▶ [THE TASK]: Please write out exactly the lines of the data below from the line holding "(lt0r_neq0 a0)) powRrM." through the line holding "Implicit Types (p q : R) (x : 'I_n -> R).", and leave out the rest.
- Opening Delimiter -
(* Let $s\ge r\ge 2$, let $Q$ be an $s$-vertex $r$-graph and let $H$ be an $n$-vertex $r$-graph ($n\ge s$) with $\mathcal N(Q,H)>0$. Then the function $$f_{Q,H}(p)=\left(\frac{\lambda^{(p)}(Q,H)}{s!\,\mathcal N(Q,H)}\right)^{p}$$ is non-increasing on $[1,\infty)$.
   Context: An $r$-graph ($r\ge 2$) is a finite hypergraph all of whose edges have exactly $r$ vertices. For $I\subseteq V(H)$, $H[I]$ denotes the induced subhypergraph on $I$. For an $s$-vertex $r$-graph $Q$ and an $r$-graph $H$, $\mathcal N(Q,H)$ is the number of (not necessarily induced) subgraphs of $H$ isomorphic to $Q$. For an $n$-vertex $r$-graph $H$ with vertex set $[n]$ and $\mathbf x\in\mathbb R^n$, $P_{Q,H}(\mathbf x)=s!\sum_{\{i_1,\dots,i_s\}\in\binom{[n]}{s}}\mathcal N(Q,H[\{i_1,\dots,i_s\}])\,x_{i_1}\cdots x_{i_s}$, and for $p\ge1$, $\lambda^{(p)}(Q,H)=\max_{\|\mathbf x\|_p=1}P_{Q,H}(\mathbf x)$. *)

From HB Require Import structures.
From mathcomp Require Import all_boot all_order all_algebra.
From mathcomp Require Import all_classical all_reals all_analysis.
Set Implicit Arguments. Unset Strict Implicit. Unset Printing Implicit Defensive.
Import Order.TTheory GRing.Theory Num.Theory.
Local Open Scope ring_scope.

Definition is_rgraph (r m : nat) (E : {set {set 'I_m}}) : Prop :=
  forall e, e \in E -> #|e| = r.

Definition copy_of (s n : nat) (EQ : {set {set 'I_s}}) (phi : {ffun 'I_s -> 'I_n})
  : {set 'I_n} * {set {set 'I_n}} :=
  (phi @: [set: 'I_s], [set (phi @: (e : {set 'I_s})) | e in EQ]).

(* Number of (not necessarily induced) subgraphs of the host hypergraph with
   vertex set V and edge set EH that are isomorphic to Q = ('I_s, EQ):
   the number of distinct pairs (vertex set, edge set) arising as images of Q
   under injective maps phi whose vertex image lies in V and which send every
   edge of Q to an edge of the host. *)
Definition Ncopies (s n : nat) (EQ : {set {set 'I_s}})
  (V : {set 'I_n}) (EH : {set {set 'I_n}}) : nat :=
  #|[set copy_of EQ phi | phi : {ffun 'I_s -> 'I_n} &
      [&& injectiveb phi, phi @: [set: 'I_s] \subset V &
          [forall e in EQ, (phi @: e) \in EH]]]|.

Definition NQH (s n : nat) (EQ : {set {set 'I_s}}) (EH : {set {set 'I_n}}) : nat :=
  Ncopies EQ [set: 'I_n] EH.

Definition induced_edges (n : nat) (EH : {set {set 'I_n}}) (I : {set 'I_n}) :=
  [set e in EH | e \subset I].

Definition PQH {R : realType} (s n : nat) (EQ : {set {set 'I_s}})
  (EH : {set {set 'I_n}}) (x : 'I_n -> R) : R :=
  (s`!)%:R * \sum_(I : {set 'I_n} | #|I| == s)
     (Ncopies EQ I (induced_edges EH I))%:R * \prod_(i in I) x i.

Definition pnorm {R : realType} (n : nat) (p : R) (x : 'I_n -> R) : R :=
  (\sum_(i < n) `|x i| `^ p) `^ p^-1.

(* lambda^(p)(Q,H) = max_{||x||_p = 1} P_{Q,H}(x)  (the max is attained, by
   compactness; we take the supremum of the set of values). *)
Definition lambdaQH {R : realType} (s n : nat) (EQ : {set {set 'I_s}})
  (EH : {set {set 'I_n}}) (p : R) : R :=
  sup [set y | exists x : 'I_n -> R, pnorm p x = 1 /\ y = PQH EQ EH x]%classic.

Definition fQH {R : realType} (s n : nat) (EQ : {set {set 'I_s}})
  (EH : {set {set 'I_n}}) (p : R) : R :=
  (lambdaQH EQ EH p / ((s`!)%:R * (NQH EQ EH)%:R)) `^ p.

From HB Require Import structures.
From mathcomp Require Import all_boot all_order all_algebra.
From mathcomp Require Import all_classical all_reals all_analysis.
From mathcomp Require Import ring lra.
Set Implicit Arguments. Unset Strict Implicit. Unset Printing Implicit Defensive.
Import Order.TTheory GRing.Theory Num.Theory.
Local Open Scope ring_scope.

(* For 1 <= p <= q put a := q/p.  If ||x||_q = 1 then y := |x|^a satisfies
   ||y||_p = 1.  Writing P_{Q,H}(x) = s! sum_I w_I prod_{i in I} x_i with
   weights w_I = N(Q,H[I]) whose total is at most N(Q,H), Jensen's inequality
   for the convex map t |-> t^a gives
     s! N(Q,H) (P(|x|) / (s! N(Q,H)))^a <= P(y) <= lambda^(p).
   Taking the supremum over x and raising to the power q yields
   f(q) <= f(p). *)

Section PowRInequalities.
Variable R : realType.

Lemma powR_tangent_le (a m z : R) : 1 <= a -> 0 < m -> 0 <= z ->
  m `^ a + a * m `^ (a - 1) * (z - m) <= z `^ a.
Proof.
move=> a1 m0 z0.
have a0 : 0 < a by apply: lt_le_trans a1.
have mm : m * m `^ (a - 1) = m `^ a by rewrite mulr_powRB1 // ltW.
have [->|an1] := eqVneq a 1.
  by rewrite subrr powRr0 (powRr1 (ltW m0)) (powRr1 z0); lra.
have am0 : 0 < a - 1 by rewrite subr_gt0 lt_neqAle eq_sym an1.
pose b := a / (a - 1).
have b0 : 0 < b by rewrite divr_gt0.
have conj_ab : a^-1 + b^-1 = 1 by rewrite /b invf_div; field; rewrite gt_eqF.
(* Young's inequality with the conjugate exponents a and a/(a-1). *)
have young := conjugate_powR z0 (powR_ge0 m (a - 1)) a0 b0 conj_ab.
rewrite -powRrM [(a - 1) * b]mulrCA mulfV ?gt_eqF // mulr1 in young.
have young' : a * (z * m `^ (a - 1)) <= z `^ a + (a - 1) * m `^ a.
  have -> : z `^ a + (a - 1) * m `^ a = a * (z `^ a / a + m `^ a / b).
    by rewrite /b; field; rewrite !gt_eqF.
  by rewrite ler_wpM2l // ltW.
rewrite -mm in young' *.
have := powR_ge0 m (a - 1); move: young'; move: (m `^ (a - 1)) => u; nra.
Qed.

Lemma jensen_powR (I : finType) (P : pred I) (w z : I -> R) (N a : R) :
  1 <= a -> 0 < N -> (forall i, 0 <= w i) -> (forall i, 0 <= z i) ->
  \sum_(i | P i) w i <= N ->
  N * ((\sum_(i | P i) w i * z i) / N) `^ a <= \sum_(i | P i) w i * z i `^ a.
Proof.
move=> a1 N0 w0 z0 WN.
set S := \sum_(i | P i) w i * z i; set W := \sum_(i | P i) w i.
have [S0|S0] := eqVneq S 0.
  rewrite S0 mul0r powR0 ?mulr0; last by rewrite gt_eqF // (lt_le_trans _ a1).
  by apply: sumr_ge0 => i _; rewrite mulr_ge0 // powR_ge0.
have S_gt0 : 0 < S.
  by rewrite lt_neqAle eq_sym S0 sumr_ge0 // => i _; rewrite mulr_ge0.
set m := S / N.
have m0 : 0 < m by rewrite divr_gt0.
apply: le_trans (_ : \sum_(i | P i) w i * (m `^ a + a * m `^ (a - 1) * (z i - m))
                     <= _); last first.
  by apply: ler_sum => i _; apply/ler_wpM2l/powR_tangent_le.
have mm : m * m `^ (a - 1) = m `^ a by rewrite mulr_powRB1 ?(lt_le_trans _ a1) ?ltW.
have SN : S = N * m by rewrite /m mulrC divfK // gt_eqF.
have -> : \sum_(i | P i) w i * (m `^ a + a * m `^ (a - 1) * (z i - m))
    = (1 - a) * m `^ a * W + a * N * m `^ a.
  rewrite -mm; have -> : a * N * (m * m `^ (a - 1)) = a * m `^ (a - 1) * S.
    by rewrite SN; ring.
  by rewrite /W /S !mulr_sumr -big_split /=; apply: eq_bigr => i _; ring.
have := powR_ge0 m a; have : 0 <= (a - 1) * (N - W) by rewrite mulr_ge0 ?subr_ge0.
by move: (m `^ a) => t; clearbody W; nra.
Qed.

Lemma prodr_powR (I : finType) (P : pred I) (F : I -> R) (a : R) :
  (forall i, 0 <= F i) ->
  \prod_(i | P i) F i `^ a = (\prod_(i | P i) F i) `^ a.
Proof.
move=> F0.
suff [] : 0 <= \prod_(i | P i) F i /\
          \prod_(i | P i) F i `^ a = (\prod_(i | P i) F i) `^ a by [].
apply: (big_rec2 (fun y1 y2 => 0 <= y2 /\ y1 = y2 `^ a)) => [|i y1 y2 _ [y20 ->]].
  by rewrite powR1.
by rewrite mulr_ge0 // powRM.
Qed.

Lemma le_powR_inv (t u a : R) : 0 < a -> 0 <= t -> t `^ a <= u -> t <= u `^ a^-1.
Proof.
move=> a0 t0 tu.
rewrite -{1}(powRr1 t0) -(mulfV (lt0r_neq0 a0)) powRrM.
have u0 : 0 <= u by apply: le_trans tu; apply: powR_ge0.
by apply: ge0_ler_powR tu; rewrite ?nnegrE ?invr_ge0 ?powR_ge0 // ltW.
Qed.

Lemma powR_le_powR_div (u v p q : R) : 0 < q -> 0 <= u -> u <= v `^ (p / q) ->
  u `^ q <= v `^ p.
Proof.
move=> q0 u0 uv.
rewrite -[p in v `^ p](divfK (lt0r_neq0 q0)) powRrM.
by apply: ge0_ler_powR uv; rewrite ?nnegrE ?powR_ge0 // ltW.
Qed.

End PowRInequalities.

Section PNorm.
Variables (R : realType) (n : nat).
Implicit Types (p q : R) (x : 'I_n -> R).

Lemma pnorm_eq1_sum p x : 0 < p -> pnorm p x = 1 -> \sum_(i < n) `|x i| `^ p = 1.
Proof.
rewrite /pnorm => p0 h.
have T0 : 0 <= \sum_(i < n) `|x i| `^ p by apply: sumr_ge0 => i _; exact: powR_ge0.
by rewrite -(powRr1 T0) -{1}(mulVf (lt0r_neq0 p0)) powRrM h powR1.
Qed.

Lemma pnorm_eq1_normr_le1 p x i : 0 < p -> pnorm p x = 1 -> `|x i| <= 1.
Proof.
move=> p0 /(pnorm_eq1_sum p0) S1.
have : `|x i| `^ p <= 1.
  rewrite -S1 (bigD1 i) //= lerDl; apply: sumr_ge0 => j _; exact: powR_ge0.
apply: contraTle => lt1.
by have := gt0_ltr_powR p0 ler01 (normr_ge0 (x i)) lt1; rewrite powR1 ltNge.
Qed.

Lemma pnorm_delta p (i0 : 'I_n) : 0 < p -> pnorm p (fun i => (i == i0)%:R) = 1.
Proof.
move=> p0; rewrite /pnorm (bigD1 i0) //= big1 => [|i /negbTE->].
  by rewrite eqxx normr1 powR1 addr0 powR1.
by rewrite normr0 powR0 // gt_eqF.
Qed.

Lemma pnorm_powR_normr p q x : 0 < p -> 0 < q -> pnorm q x = 1 ->
  pnorm p (fun i => `|x i| `^ (q / p)) = 1.
Proof.
move=> p0 q0 /(pnorm_eq1_sum q0) Sq; rewrite /pnorm.
under eq_bigr do rewrite ger0_norm ?powR_ge0 // -powRrM divfK ?gt_eqF //.
by rewrite Sq powR1.
Qed.

End PNorm.

Lemma sum_Ncopies_le_NQH (s n : nat) (EQ : {set {set 'I_s}}) (EH : {set {set 'I_n}}) :
  (\sum_(I : {set 'I_n} | #|I| == s) Ncopies EQ I (induced_edges EH I)
     <= NQH EQ EH)%N.
Proof.
rewrite /NQH /Ncopies.
set S := [set copy_of EQ phi | phi : {ffun 'I_s -> 'I_n} & _].
(* Each copy of Q in H[I] is a copy in H whose vertex set is I. *)
rewrite -sum1_card (partition_big (fun c => c.1) predT) //=.
apply: (@leq_trans (\sum_(I : {set 'I_n} | #|I| == s)
     \sum_(c | (c \in S) && (c.1 == I)) 1)).
  apply: leq_sum => I /eqP cardI.
  rewrite sum1dep_card; apply/subset_leq_card/fintype.subsetP => c.
  case/imsetP => phi; rewrite !inE => /and3P[inj sub edges] ->.
  apply/andP; split.
    apply/imsetP; exists phi => //; rewrite !inE inj finset.subsetT /=.
    apply/forall_inP => e eE.
    by move/forall_inP: edges => /(_ e eE); rewrite !inE => /andP[].
  rewrite /= eqEcard sub cardI card_imset ?cardsT ?card_ord //=.
  exact/injectiveP.
by rewrite [leqRHS](bigID (fun I : {set 'I_n} => #|I| == s)) leq_addr.
Qed.

Section Lagrangian.
Variables (R : realType) (s n : nat) (EQ : {set {set 'I_s}}) (EH : {set {set 'I_n}}).
Implicit Types (p q a : R) (x : 'I_n -> R).

Let P := @PQH R s n EQ EH.
Let lambda := @lambdaQH R s n EQ EH.
Let c : R := (s`!)%:R.
Let N : R := (NQH EQ EH)%:R.
Let w (I : {set 'I_n}) : R := (Ncopies EQ I (induced_edges EH I))%:R.

Lemma PQH_ge0 x : (forall i, 0 <= x i) -> 0 <= P x.
Proof.
move=> x0; rewrite mulr_ge0 // sumr_ge0 // => I _.
by rewrite mulr_ge0 // prodr_ge0.
Qed.

Lemma PQH_le_normr x : P x <= P (fun i => `|x i|).
Proof.
apply: le_trans (ler_norm _) _.
rewrite normrM ger0_norm // ler_wpM2l //.
apply: le_trans (ler_norm_sum _ _ _) _.
by apply: ler_sum => I _; rewrite normrM ger0_norm // normr_prod.
Qed.

Lemma PQH_le_weights p x : 0 < p -> pnorm p x = 1 ->
  P x <= c * \sum_(I : {set 'I_n} | #|I| == s) w I.
Proof.
move=> p0 hx; apply: le_trans (PQH_le_normr x) _.
rewrite ler_wpM2l // ler_sum // => I _.
rewrite ler_piMr // prodr_ile1 // => i _.
by rewrite normr_ge0 (pnorm_eq1_normr_le1 _ p0 hx).
Qed.

Lemma PQH_values_bounded p : 0 < p ->
  has_ubound [set y | exists x : 'I_n -> R, pnorm p x = 1 /\ y = P x]%classic.
Proof.
by move=> p0; exists (c * \sum_(I : {set 'I_n} | #|I| == s) w I) => y [x [hx ->]];
  exact: PQH_le_weights hx.
Qed.

Lemma PQH_le_lambdaQH p x : 0 < p -> pnorm p x = 1 -> P x <= lambda p.
Proof. by move=> p0 hx; apply: ub_le_sup (PQH_values_bounded p0) _ _; exists x. Qed.

Lemma lambdaQH_ge0 p : (0 < n)%N -> 0 < p -> 0 <= lambda p.
Proof.
move=> n0 p0; have := pnorm_delta (Ordinal n0) p0.
by move/(PQH_le_lambdaQH p0); apply: le_trans; apply: PQH_ge0 => i; rewrite ler0n.
Qed.

Hypothesis NQH_gt0 : (0 < NQH EQ EH)%N.

Let c_gt0 : 0 < c. Proof. by rewrite ltr0n fact_gt0. Qed.
Let N_gt0 : 0 < N. Proof. by rewrite ltr0n. Qed.

Lemma PQH_jensen a x : 1 <= a -> (forall i, 0 <= x i) ->
  c * N * (P x / (c * N)) `^ a <= P (fun i => x i `^ a).
Proof.
move=> a1 x0.
pose z (I : {set 'I_n}) := \prod_(i in I) x i.
have weights_le : \sum_(I : {set 'I_n} | #|I| == s) w I <= N.
  by rewrite -natr_sum ler_nat sum_Ncopies_le_NQH.
have Px_a : P (fun i => x i `^ a) = c * \sum_(I : {set 'I_n} | #|I| == s) w I * z I `^ a.
  by rewrite /P /PQH; under eq_bigr do rewrite prodr_powR //.
rewrite Px_a /P /PQH -/c invfM mulrACA mulfV ?gt_eqF // mul1r -mulrA ler_pM2l //.
have z0 I : 0 <= z I by apply: prodr_ge0 => i _.
exact: jensen_powR a1 N_gt0 (fun I => ler0n _ _) z0 weights_le.
Qed.

Lemma lambdaQH_le_powR p q : (0 < n)%N -> 1 <= p -> p <= q ->
  lambda q / (c * N) <= (lambda p / (c * N)) `^ (p / q).
Proof.
move=> n0 p1 pq.
have p0 : 0 < p by apply: lt_le_trans p1.
have q0 : 0 < q by apply: lt_le_trans pq.
have a1 : 1 <= q / p by rewrite ler_pdivlMr // mul1r.
have cN0 := mulr_gt0 c_gt0 N_gt0.
suff Px_le x : pnorm q x = 1 -> P x / (c * N) <= (lambda p / (c * N)) `^ (p / q).
  rewrite ler_pdivrMr //; apply: ge_sup => [|_ [x [hx ->]]].
    by exists (P (fun i => (i == Ordinal n0)%:R)), (fun i => (i == Ordinal n0)%:R);
      rewrite pnorm_delta.
  by rewrite -ler_pdivrMr // Px_le.
move=> hx.
have Pabs_le : P (fun i => `|x i|) / (c * N) <= (lambda p / (c * N)) `^ (p / q).
  rewrite -[p / q]invf_div; apply: le_powR_inv.
  - exact: lt_le_trans a1.
  - by apply: divr_ge0 (PQH_ge0 _) (ltW cN0).
  rewrite ler_pdivlMr // mulrC.
  apply: le_trans (PQH_le_lambdaQH p0 (pnorm_powR_normr p0 q0 hx)).
  exact: PQH_jensen.
by apply: le_trans Pabs_le; rewrite ler_pM2r ?invr_gt0 // PQH_le_normr.
Qed.

End Lagrangian.

Theorem lemma2p2 (R : realType) (r s n : nat)
  (EQ : {set {set 'I_s}}) (EH : {set {set 'I_n}}) :
  (2 <= r)%N -> (r <= s)%N -> (s <= n)%N ->
  is_rgraph r EQ -> is_rgraph r EH ->
  (0 < NQH EQ EH)%N ->
  forall p q : R, 1 <= p -> p <= q -> fQH EQ EH q <= fQH EQ EH p.
Proof.
move=> r2 rs sn _ _ N0 p q p1 pq.
have n0 : (0 < n)%N := leq_trans (leq_trans (ltnW r2) rs) sn.
have p0 : 0 < p by apply: lt_le_trans p1.
have cN0 : 0 < (s`!)%:R * (NQH EQ EH)%:R :> R by rewrite mulr_gt0 ?ltr0n ?fact_gt0.
apply: powR_le_powR_div (lt_le_trans p0 pq) _ (lambdaQH_le_powR N0 n0 p1 pq).
by rewrite divr_ge0 ?(ltW cN0) // lambdaQH_ge0 // (lt_le_trans p0 pq).
Qed.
- Closing Delimiter -
▶ [EXPECTED OUTPUT]:
rewrite -{1}(powRr1 t0) -(mulfV (lt0r_neq0 a0)) powRrM.
have u0 : 0 <= u by apply: le_trans tu; apply: powR_ge0.
by apply: ge0_ler_powR tu; rewrite ?nnegrE ?invr_ge0 ?powR_ge0 // ltW.
Qed.

Lemma powR_le_powR_div (u v p q : R) : 0 < q -> 0 <= u -> u <= v `^ (p / q) ->
  u `^ q <= v `^ p.
Proof.
move=> q0 u0 uv.
rewrite -[p in v `^ p](divfK (lt0r_neq0 q0)) powRrM.
by apply: ge0_ler_powR uv; rewrite ?nnegrE ?powR_ge0 // ltW.
Qed.

End PowRInequalities.

Section PNorm.
Variables (R : realType) (n : nat).
Implicit Types (p q : R) (x : 'I_n -> R).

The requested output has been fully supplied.